● **Source data**
▬▬▬▬▬▬

(* Let $X$ be a real normed space of dimension at most $2$, $\mathcal M=\{M_1,\dots,M_n\}\subset\mathcal P^f_{\mathrm{Cl,Conv}}(X)$, $\Sigma(\mathcal M)\neq\emptyset$ and $d=(d_1,\dots,d_n)\in\Omega(\mathcal M)$. Then for every $K\in\Sigma_d(\mathcal M)$ there exists $i$ with $d_i=\sup_{x\in M_i}|x\,K|$.
   Context: For a metric space $X$, $p\in X$, $A\subset X$: $|p\,A|=\inf_{a\in A}|p\,a|$ ($=\infty$ if $A=\emptyset$); for $0\le r<\infty$, $B_r(A)=\{p:|p\,A|\le r\}$. For nonempty $A,B$, $d_H(A,B)=\max\{\sup_{a\in A}|a\,B|,\sup_{b\in B}|b\,A|\}\in[0,\infty]$. $\mathcal P_{\mathrm{Cl}}(X)$ is the set of nonempty closed subsets of $X$ with $d_H$; a finiteness class is an equivalence class of $A\sim B\iff d_H(A,B)<\infty$. $\mathcal P^f_{\mathrm{Cl,Conv}}(X)$ denotes a fixed finiteness class of the space of nonempty closed convex subsets of $X$ (a family of nonempty closed convex sets pairwise at finite Hausdorff distance, maximal with this property); let $\mathcal P^f_{\mathrm{Cl}}(X)$ be the finiteness class of $\mathcal P_{\mathrm{Cl}}(X)$ containing it. For $\mathcal M=\{M_1,\dots,M_n\}$ in it, $S_{\mathcal M}(Y)=\sum_i d_H(Y,M_i)$; $\Sigma(\mathcal M)$ is the set of minimizers of $S_{\mathcal M}$ over $\mathcal P^f_{\mathrm{Cl}}(X)$; for $K\in\Sigma(\mathcal M)$, $d(K)=(d_H(K,M_1),\dots,d_H(K,M_n))$; $\Omega(\mathcal M)=\{d(K):K\in\Sigma(\mathcal M)\}$; for $d\in\Omega(\mathcal M)$, $\Sigma_d(\mathcal M)=\{K\in\Sigma(\mathcal M):d(K)=d\}$. *)

From HB Require Import structures.
From mathcomp Require Import all_boot all_order all_algebra.
From mathcomp Require Import all_classical all_reals all_analysis.
Set Implicit Arguments. Unset Strict Implicit. Unset Printing Implicit Defensive.
Import Order.TTheory GRing.Theory Num.Theory.
Import numFieldNormedType.Exports.
Local Open Scope classical_set_scope.
Local Open Scope ring_scope.

Definition dim_le2 (R : realType) (X : normedModType R) : Prop :=
  exists v1 v2 : X, forall x : X, exists a b : R, x = a *: v1 + b *: v2.

Definition convexS (R : realType) (X : normedModType R) (A : set X) : Prop :=
  forall x y (t : R), A x -> A y -> 0 <= t -> t <= 1 ->
    A (t *: x + (1 - t) *: y).

(* |p A| = inf_{a in A} |p - a|, in [0, +oo] (= +oo for A empty) *)
Definition distPS (R : realType) (X : normedModType R) (p : X) (A : set X)
  : \bar R := ereal_inf [set (`|p - a|)%:E | a in A].

Definition hausd (R : realType) (X : normedModType R) (A B : set X) : \bar R :=
  Order.max (ereal_sup [set distPS a B | a in A])
            (ereal_sup [set distPS b A | b in B]).

(* the finiteness class P^f_Cl(X) determined by the family M:
   nonempty closed sets at finite Hausdorff distance from the M_i *)
Definition admissible (R : realType) (X : normedModType R) (n : nat)
  (M : 'I_n -> set X) (Y : set X) : Prop :=
  closed Y /\ Y !=set0 /\ (forall i, (hausd Y (M i) < +oo)%E).

Definition SM (R : realType) (X : normedModType R) (n : nat)
  (M : 'I_n -> set X) (Y : set X) : \bar R :=
  (\sum_(i < n) hausd Y (M i))%E.

Definition inSigma (R : realType) (X : normedModType R) (n : nat)
  (M : 'I_n -> set X) (K : set X) : Prop :=
  admissible M K /\ forall Y, admissible M Y -> (SM M K <= SM M Y)%E.

From HB Require Import structures.
From mathcomp Require Import all_boot all_order all_algebra.
From mathcomp Require Import all_classical all_reals all_analysis.
From mathcomp Require Import ring lra.
Import Order.TTheory GRing.Theory Num.Theory.
Import numFieldNormedType.Exports.
Local Open Scope classical_set_scope.
Local Open Scope ring_scope.

(* Suppose d_i > sup_{x in M_i} |x K| for every i, so that each d_i is
   attained on the side sup_{k in K} |k M_i| only, with a uniform margin mu.
   Push every point k of K a small fraction of the way towards a point k' of K
   lying close to M_j.  By convexity of the |. M_i| the new points stay within
   d_i of every M_i and within d_j - eps of M_j, and since they move by less
   than mu/2 every M_i stays within d_i of the new set.  So some closed set is
   no farther than K from each M_i and strictly closer to M_j, contradicting
   the minimality of K. *)

Section PointSetDistance.
Context {R : realType} {X : normedModType R}.
Implicit Types (p q : X) (A B : set X).

(* [fine] sends the value +oo of an empty [A] to 0: [dist p A] is |p A| only
   for nonempty [A]. *)
Definition dist p A : R := fine (distPS p A).

Lemma distPS_ge0 p A : (0 <= distPS p A)%E.
Proof. by apply: le_ereal_inf_tmp => _ [a _ <-]; rewrite lee_fin. Qed.

Lemma distPSE p A : A !=set0 -> distPS p A = (dist p A)%:E.
Proof.
move=> [a Aa]; rewrite /dist fineK // ge0_fin_numE ?distPS_ge0 //.
by apply: le_lt_trans (ltry `|p - a|); apply: ereal_inf_lbound; exists a.
Qed.

Lemma dist_ge0 p {A} : A !=set0 -> 0 <= dist p A.
Proof. by move=> A0; rewrite -lee_fin -distPSE ?distPS_ge0. Qed.

Lemma dist_le p {a A} : A a -> dist p A <= `|p - a|.
Proof.
move=> Aa; rewrite -lee_fin -distPSE; last by exists a.
by apply: ereal_inf_lbound; exists a.
Qed.

Lemma dist_approx p {A} {e : R} : A !=set0 -> 0 < e ->
  exists2 a, A a & `|p - a| < dist p A + e.
Proof.
move=> A0 e0.
have : (distPS p A < (dist p A + e)%:E)%E by rewrite distPSE // lte_fin ltrDl.
by move/ereal_inf_lt => [_ [a Aa <-]]; rewrite lte_fin; exists a.
Qed.

Lemma dist_lip p q {A} : A !=set0 -> dist p A <= dist q A + `|p - q|.
Proof.
move=> A0; apply/ler_addgt0Pr => e e0.
have [a Aa qa] := dist_approx q A0 e0.
apply: le_trans (dist_le p Aa) _; apply: le_trans (ler_distD q p a) _.
by rewrite addrAC addrC lerD2l ltW.
Qed.

Lemma closed_dist_le {A} (r : R) : A !=set0 -> closed [set p | dist p A <= r].
Proof.
move=> A0 p clp; apply/ler_addgt0Pr => e e0.
have [q [/= qr]] := clp _ (nbhsx_ballx p e e0).
rewrite -ball_normE /= => pq.
by apply: le_trans (dist_lip p q A0) _; rewrite lerD // ltW.
Qed.

Lemma dist_convex p q {A} {t : R} :
  convexS A -> A !=set0 -> 0 <= t -> t <= 1 ->
  dist (t *: p + (1 - t) *: q) A <= t * dist p A + (1 - t) * dist q A.
Proof.
move=> cA A0 t0 t1; apply/ler_addgt0Pr => e e0.
have [a Aa pa] := dist_approx p A0 e0.
have [b Ab qb] := dist_approx q A0 e0.
have t'0 : 0 <= 1 - t by rewrite subr_ge0.
apply: le_trans (dist_le _ (cA _ _ _ Aa Ab t0 t1)) _.
have -> : t *: p + (1 - t) *: q - (t *: a + (1 - t) *: b) =
    t *: (p - a) + (1 - t) *: (q - b).
  by rewrite !scalerBr opprD addrACA.
apply: le_trans (ler_normD _ _) _; rewrite !normrZ !ger0_norm //.
have -> : t * dist p A + (1 - t) * dist q A + e =
    t * (dist p A + e) + (1 - t) * (dist q A + e).
  by rewrite !mulrDr addrACA -mulrDl subrKC mul1r.
by rewrite lerD // ler_wpM2l // ltW.
Qed.

Lemma sup_distPS_le A B (r : R) : B !=set0 ->
  (ereal_sup [set distPS a B | a in A] <= r%:E)%E <->
  (forall a, A a -> dist a B <= r).
Proof.
move=> B0; split => [ub a Aa | ub].
  rewrite -lee_fin -distPSE //; apply: le_trans ub.
  by apply: ereal_sup_ubound; exists a.
by apply: ge_ereal_sup => _ [a Aa <-]; rewrite distPSE // lee_fin ub.
Qed.

Lemma sup_distPS_ge0 A B : A !=set0 ->
  (0 <= ereal_sup [set distPS a B | a in A])%E.
Proof.
move=> [a Aa]; apply: le_trans (distPS_ge0 a B) _.
by apply: ereal_sup_ubound; exists a.
Qed.

Lemma hausd_ge0 A B : A !=set0 -> (0 <= hausd A B)%E.
Proof. by move=> A0; rewrite le_max sup_distPS_ge0. Qed.

Lemma hausd_le A B (r : R) : A !=set0 -> B !=set0 ->
  (forall a, A a -> dist a B <= r) -> (forall b, B b -> dist b A <= r) ->
  (hausd A B <= r%:E)%E.
Proof.
by move=> A0 B0 AB BA; rewrite ge_max; apply/andP; split; apply/sup_distPS_le.
Qed.

Lemma exists_point_near_both {C K k} {a r e : R} : K k -> 0 < e ->
  C !=set0 -> (forall x, C x -> dist x K <= a) -> dist k C <= r ->
  exists2 k', K k' & dist k' C <= a + e /\ `|k - k'| <= r + a + 2 * e.
Proof.
move=> Kk e0 C0 CK kC.
have [y Cy ky] := dist_approx k C0 e0.
have [k' Kk' yk'] := dist_approx y (ex_intro _ k Kk) e0.
have yK := CK y Cy.
exists k' => //; split.
  by apply: le_trans (dist_le k' Cy) _; rewrite distrC; lra.
by apply: le_trans (ler_distD y k k') _; lra.
Qed.

End PointSetDistance.

Lemma exists_uniform_margin {R : realType} {n : nat} {a r : 'I_n -> R} :
  (forall i, a i < r i) -> exists2 mu : R, 0 < mu & forall i, a i + mu <= r i.
Proof.
case: n a r => [|n] a r ar; first by exists 1 => // -[].
have [i0 _ i0min] := @arg_minP _ _ _ ord0 xpredT (fun i => r i - a i) erefl.
exists (r i0 - a i0) => [|i]; first by rewrite subr_gt0.
by rewrite -lerBrDl i0min.
Qed.

Lemma lte_sum_strict {R : realType} {n : nat} {f g : 'I_n -> \bar R}
    (j : 'I_n) :
  (forall i, f i \is a fin_num) -> (forall i, (f i <= g i)%E) ->
  (f j < g j)%E ->
  (\sum_(i < n) f i < \sum_(i < n) g i)%E.
Proof.
move=> ffin fg fgj; rewrite (bigD1 j) //= [X in (_ < X)%E](bigD1 j) //=.
apply: lte_leD => //; last by apply: lee_sum => i _.
by apply/sum_fin_numP => i _ _.
Qed.

Section Improvement.
Context {R : realType} {X : normedModType R} {n : nat}.
Context {M : 'I_n -> set X} {K : set X} {a r : 'I_n -> R} {mu : R}.
Variable j : 'I_n.
Hypothesis M_convex : forall i, convexS (M i).
Hypothesis M_nonempty : forall i, M i !=set0.
Hypothesis K_nonempty : K !=set0.
Hypothesis K_near_M : forall i k, K k -> dist k (M i) <= r i.
Hypothesis M_near_K : forall i x, M i x -> dist x K <= a i.
Hypothesis mu_gt0 : 0 < mu.
Hypothesis margin : forall i, a i + mu <= r i.

Let lam := mu / (4 * r j).

Let shrunk := [set p | (forall i, dist p (M i) <= r i) /\
                       dist p (M j) <= r j - lam * (mu / 2)].

Let aj_ge0 : 0 <= a j.
Proof.
have [x Mx] := M_nonempty j.
exact: le_trans (dist_ge0 x K_nonempty) (M_near_K _ _ Mx).
Qed.

Let rj_gt0 : 0 < r j.
Proof. by have := margin j; have := mu_gt0; have := aj_ge0; lra. Qed.

Let lam_gt0 : 0 < lam. Proof. by rewrite divr_gt0 ?mulr_gt0. Qed.

Let lam_le1 : lam <= 1.
Proof.
rewrite ler_pdivrMr ?mulr_gt0 // mul1r.
by have := margin j; have := aj_ge0; have := rj_gt0; lra.
Qed.

Let closed_shrunk : closed shrunk.
Proof.
have -> : shrunk = \bigcap_(i in [set: 'I_n]) [set p | dist p (M i) <= r i]
    `&` [set p | dist p (M j) <= r j - lam * (mu / 2)].
  by apply/seteqP; split => p [pM pMj]; split => // i *; exact: pM.
apply: closedI; last exact: closed_dist_le.
by apply: closed_bigI => i _; exact: closed_dist_le.
Qed.

Let shrunk_near k : K k -> exists2 p, shrunk p & `|k - p| <= mu / 2.
Proof.
move=> Kk; have mu2 : 0 < mu / 2 by rewrite divr_gt0.
have [k' Kk' [k'Mj kk']] :=
  exists_point_near_both Kk mu2 (M_nonempty j) (M_near_K j) (K_near_M j k Kk).
have lam'0 : 0 <= 1 - lam by rewrite subr_ge0.
have dist_p i : dist (lam *: k' + (1 - lam) *: k) (M i) <=
    lam * dist k' (M i) + (1 - lam) * dist k (M i).
  exact: dist_convex (M_convex i) (M_nonempty i) (ltW lam_gt0) lam_le1.
exists (lam *: k' + (1 - lam) *: k); first split.
- move=> i; apply: le_trans (dist_p i) _.
  have := K_near_M i k Kk; have := K_near_M i k' Kk'.
  by move=> /(ler_wpM2l (ltW lam_gt0)) + /(ler_wpM2l lam'0); lra.
- have k'Mj' : dist k' (M j) <= r j - mu / 2 by have := margin j; lra.
  apply: le_trans (dist_p j) _.
  have := K_near_M j k Kk => /(ler_wpM2l lam'0).
  by move: k'Mj' => /(ler_wpM2l (ltW lam_gt0)); rewrite mulrBr; lra.
have -> : k - (lam *: k' + (1 - lam) *: k) = lam *: (k - k').
  rewrite scalerBl scale1r scalerBr addrCA opprD opprB addrA subrr add0r.
  by rewrite addrC.
have lam_r : lam * (2 * r j) = mu / 2 by rewrite /lam; field; rewrite gt_eqF.
rewrite normrZ gtr0_norm // -lam_r ler_pM2l //.
by have := margin j; lra.
Qed.

Lemma exists_improving_set : exists K' : set X,
  [/\ closed K', K' !=set0, forall i, (hausd K' (M i) <= (r i)%:E)%E
    & (hausd K' (M j) < (r j)%:E)%E].
Proof.
have shrunk0 : shrunk !=set0.
  by have [k Kk] := K_nonempty; have [p ? _] := shrunk_near _ Kk; exists p.
have M_near_shrunk i x : M i x -> dist x shrunk <= a i + mu / 2.
  move=> Mx; apply/ler_addgt0Pr => e e0.
  have [k Kk xk] := dist_approx x K_nonempty e0.
  have [p Sp kp] := shrunk_near _ Kk.
  apply: le_trans (dist_le x Sp) _; apply: le_trans (ler_distD k x p) _.
  by have := M_near_K _ _ Mx; lra.
have lam_mu : lam * (mu / 2) <= mu / 2 by rewrite ler_piMl // divr_ge0 ?ltW.
exists shrunk; split => // [i|].
  apply: hausd_le => // [p [pM _]|x Mx]; first exact: pM.
  apply: le_trans (M_near_shrunk _ _ Mx) _.
  by have := margin i; have := mu_gt0; lra.
apply: le_lt_trans (_ : _ <= (r j - lam * (mu / 2))%:E)%E _.
  apply: hausd_le => // [p [_ pMj]|x Mx] //.
  by apply: le_trans (M_near_shrunk _ _ Mx) _; have := margin j; lra.
by rewrite lte_fin gtrBl mulr_gt0 // divr_gt0.
Qed.

End Improvement.

Lemma exists_hausd_improvement {R : realType} {X : normedModType R} {n : nat}
    {M : 'I_n -> set X} {K : set X} (j : 'I_n) :
  (forall i, convexS (M i)) -> (forall i, M i !=set0) -> K !=set0 ->
  (forall i, (hausd K (M i) < +oo)%E) ->
  (forall i, (ereal_sup [set distPS x K | x in M i] < hausd K (M i))%E) ->
  exists K' : set X, [/\ closed K', K' !=set0,
    forall i, (hausd K' (M i) <= hausd K (M i))%E
    & (hausd K' (M j) < hausd K (M j))%E].
Proof.
move=> M_cvx M0 K0 K_fin a_lt.
pose a i := ereal_sup [set distPS x K | x in M i].
have fin_of_le i x : (0 <= x <= hausd K (M i))%E -> x = (fine x)%:E.
  by case/andP=> x0 xK; rewrite fineK // ge0_fin_numE // (le_lt_trans xK).
have hK i : hausd K (M i) = (fine (hausd K (M i)))%:E.
  by apply: fin_of_le; apply/andP; split; [exact: hausd_ge0 | exact: lexx].
have aE i : a i = (fine (a i))%:E.
  apply: fin_of_le; apply/andP; split; first exact: sup_distPS_ge0.
  exact: ltW (a_lt i).
have K_near_M i k : K k -> dist k (M i) <= fine (hausd K (M i)).
  by move: k; apply/sup_distPS_le => //; rewrite -hK le_max lexx.
have M_near_K i x : M i x -> dist x K <= fine (a i).
  by move: x; apply/sup_distPS_le => //; rewrite -aE.
have [mu mu0 margin] : exists2 mu : R, 0 < mu &
    forall i, fine (a i) + mu <= fine (hausd K (M i)).
  by apply: exists_uniform_margin => i; rewrite -lte_fin -aE -hK; apply: a_lt.
have [K' [K'cl K'0 K'le K'lt]] :=
  exists_improving_set j M_cvx M0 K0 K_near_M M_near_K mu0 margin.
by exists K'; split => // [i|]; rewrite hK; [exact: K'le | exact: K'lt].
Qed.

Theorem mainTheorem17 (R : realType) (X : normedModType R) (n : nat)
  (M : 'I_n -> set X) :
  dim_le2 X ->
  (0 < n)%N ->
  injective M ->
  (forall i, closed (M i) /\ convexS (M i) /\ M i !=set0) ->
  (forall i j, (hausd (M i) (M j) < +oo)%E) ->
  (exists K0, inSigma M K0) ->
  forall d : 'I_n -> \bar R,
  (exists K1, inSigma M K1 /\ forall i, hausd K1 (M i) = d i) ->
  forall K : set X, inSigma M K -> (forall i, hausd K (M i) = d i) ->
  exists i : 'I_n, d i = ereal_sup [set distPS x K | x in M i].
Proof.
move=> _ n_gt0 _ M_cvx _ _ d _ K [[_ [K0 K_fin]] K_min] Kd.
apply: contrapT => not_attained.
have a_lt i : (ereal_sup [set distPS x K | x in M i] < hausd K (M i))%E.
  rewrite lt_neqAle le_max lexx orbT Kd andbT.
  by apply/eqP => ad; apply: not_attained; exists i.
have [K' [K'cl K'0 K'le K'lt]] := exists_hausd_improvement (Ordinal n_gt0)
  (fun i => (M_cvx i).2.1) (fun i => (M_cvx i).2.2) K0 K_fin a_lt.
have K'_fin i : (hausd K' (M i) < +oo)%E := le_lt_trans (K'le i) (K_fin i).
have := K_min K' (conj K'cl (conj K'0 K'_fin)); apply/negP; rewrite -ltNge.
apply: (lte_sum_strict (Ordinal n_gt0)) => // i.
by rewrite ge0_fin_numE ?hausd_ge0.
Qed.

▬▬▬▬▬▬

● **Task objective**
After locating the line holding "have -> : t *: p" above, output exactly that line and every line after it through the line holding "have yK := CK y Cy.". Include nothing else.

● **Completed task**
have -> : t *: p + (1 - t) *: q - (t *: a + (1 - t) *: b) =
    t *: (p - a) + (1 - t) *: (q - b).
  by rewrite !scalerBr opprD addrACA.
apply: le_trans (ler_normD _ _) _; rewrite !normrZ !ger0_norm //.
have -> : t * dist p A + (1 - t) * dist q A + e =
    t * (dist p A + e) + (1 - t) * (dist q A + e).
  by rewrite !mulrDr addrACA -mulrDl subrKC mul1r.
by rewrite lerD // ler_wpM2l // ltW.
Qed.

Lemma sup_distPS_le A B (r : R) : B !=set0 ->
  (ereal_sup [set distPS a B | a in A] <= r%:E)%E <->
  (forall a, A a -> dist a B <= r).
Proof.
move=> B0; split => [ub a Aa | ub].
  rewrite -lee_fin -distPSE //; apply: le_trans ub.
  by apply: ereal_sup_ubound; exists a.
by apply: ge_ereal_sup => _ [a Aa <-]; rewrite distPSE // lee_fin ub.
Qed.

Lemma sup_distPS_ge0 A B : A !=set0 ->
  (0 <= ereal_sup [set distPS a B | a in A])%E.
Proof.
move=> [a Aa]; apply: le_trans (distPS_ge0 a B) _.
by apply: ereal_sup_ubound; exists a.
Qed.

Lemma hausd_ge0 A B : A !=set0 -> (0 <= hausd A B)%E.
Proof. by move=> A0; rewrite le_max sup_distPS_ge0. Qed.

Lemma hausd_le A B (r : R) : A !=set0 -> B !=set0 ->
  (forall a, A a -> dist a B <= r) -> (forall b, B b -> dist b A <= r) ->
  (hausd A B <= r%:E)%E.
Proof.
by move=> A0 B0 AB BA; rewrite ge_max; apply/andP; split; apply/sup_distPS_le.
Qed.

Lemma exists_point_near_both {C K k} {a r e : R} : K k -> 0 < e ->
  C !=set0 -> (forall x, C x -> dist x K <= a) -> dist k C <= r ->
  exists2 k', K k' & dist k' C <= a + e /\ `|k - k'| <= r + a + 2 * e.
Proof.
move=> Kk e0 C0 CK kC.
have [y Cy ky] := dist_approx k C0 e0.
have [k' Kk' yk'] := dist_approx y (ex_intro _ k Kk) e0.
have yK := CK y Cy.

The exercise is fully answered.